WHAT IS NEEDED – Search the listing below, and show each line that includes the word "have".

SOURCE MATERIAL –
Lemma mcoeff_phiW_mon3 (R : comRingType) a d t (Q K : 'M[R]_(a, d)) V
    (n j : 'I_t) (u w b : 'I_d) : n != j ->
  (phiW t Q K V 0 j)@_(mon3 n j u w b) =
  if u == w then V 0 u * attA Q K u b
  else V 0 u * attA Q K w b + V 0 w * attA Q K u b.
Proof.
(* Sum over s and q innermost: they are pinned to n and b. *)
move=> nj; rewrite mcoeff_phiW exchange_big /=.
under eq_bigr => c _ do rewrite exchange_big /=.
under eq_bigr => c _ do under eq_bigr => q _ do rewrite exchange_big /=.
under eq_bigr => c _ do under eq_bigr => q _ do under eq_bigr => p _ do
  under eq_bigr => s _ do rewrite mon3_eq // mulr_natr mulrb.
under eq_bigr => c _ do under eq_bigr => q _ do under eq_bigr => p _ do
  rewrite sum_if_eq_and.
under eq_bigr => c _ do rewrite exchange_big /=.
under eq_bigr => c _ do under eq_bigr => p _ do rewrite sum_if_eq_and.
case: (eqVneq u w) => [<-|uw].
  under eq_bigr => c _ do under eq_bigr => p _ do rewrite orbb andbC.
  under eq_bigr => c _ do rewrite sum_if_eq_and.
  by rewrite -big_mkcond big_pred1_eq.
have if_orb c p : (if ((c == u) && (p == w)) || ((c == w) && (p == u))
                   then V 0 c * attA Q K p b else 0) =
  (if (p == w) && (c == u) then V 0 c * attA Q K p b else 0) +
  (if (p == u) && (c == w) then V 0 c * attA Q K p b else 0).
  by move: uw; repeat (case: eqP => [?|?]; try subst); rewrite /= ?addr0 ?add0r.
under eq_bigr => c _ do under eq_bigr => p _ do rewrite if_orb.
under eq_bigr => c _ do rewrite big_split !sum_if_eq_and.
by rewrite big_split -!big_mkcond !big_pred1_eq.
Qed.

Definition only_fixed_cycles {r} (f : 'I_r -> 'I_r) :=
  forall (p : 'I_r) (m : nat), (0 < m)%N -> iter m f p = p -> f p = p.

Lemma perm_on_graph_eq1 r (f : 'I_r -> 'I_r) (s : 'S_r) : only_fixed_cycles f ->
  (forall p, (s p == p) || (s p == f p)) -> s = 1%g.
Proof.
move=> f_acyc s_f; apply/permP => p; rewrite perm1; apply/eqP/negPn/negP => sp.
have iter_s i : iter i s p = iter i f p.
  elim: i => [//|i IHi]; rewrite !iterS -IHi.
  have : s (iter i s p) != iter i s p.
    by rewrite -permX -permM -expgSr expgS permM (inj_eq perm_inj).
  by case/orP: (s_f (iter i s p)) => /eqP-> //; rewrite eqxx.
have fp : f p = p.
  by apply: (f_acyc p #[s]%g (order_gt0 _)); rewrite -iter_s -permX expg_order perm1.
by move: (s_f p); rewrite fp orbb (negbTE sp).
Qed.

Lemma det_graph_mx (R : comRingType) r (f : 'I_r -> 'I_r) (T : 'M[R]_r) :
  only_fixed_cycles f -> (forall p q, q != p -> q != f p -> T p q = 0) ->
  \det T = \prod_p T p p.
Proof.
move=> f_acyc T_graph; rewrite /determinant (bigD1 1%g) //= [X in _ + X]big1 ?addr0.
  by rewrite odd_perm1 expr0 mul1r; apply: eq_bigr => p _; rewrite perm1.
move=> s s_neq1; case: (pickP [pred p | ~~ ((s p == p) || (s p == f p))]) => [p|s_f].
  by rewrite /= negb_or => /andP[sp sfp]; rewrite (bigD1 p) //= T_graph // !mul0r mulr0.
by case/eqP: s_neq1; apply: perm_on_graph_eq1 f_acyc _ => p; have /negbFE := s_f p.
Qed.

Lemma omega_sym d (u w : 'I_d) : omega u w = omega w u.
Proof. by rewrite /omega eq_sym. Qed.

SOLUTION TO THE EXERCISE –
have if_orb c p : (if ((c == u) && (p == w)) || ((c == w) && (p == u))
have iter_s i : iter i s p = iter i f p.
  have : s (iter i s p) != iter i s p.
have fp : f p = p.
by case/eqP: s_neq1; apply: perm_on_graph_eq1 f_acyc _ => p; have /negbFE := s_f p.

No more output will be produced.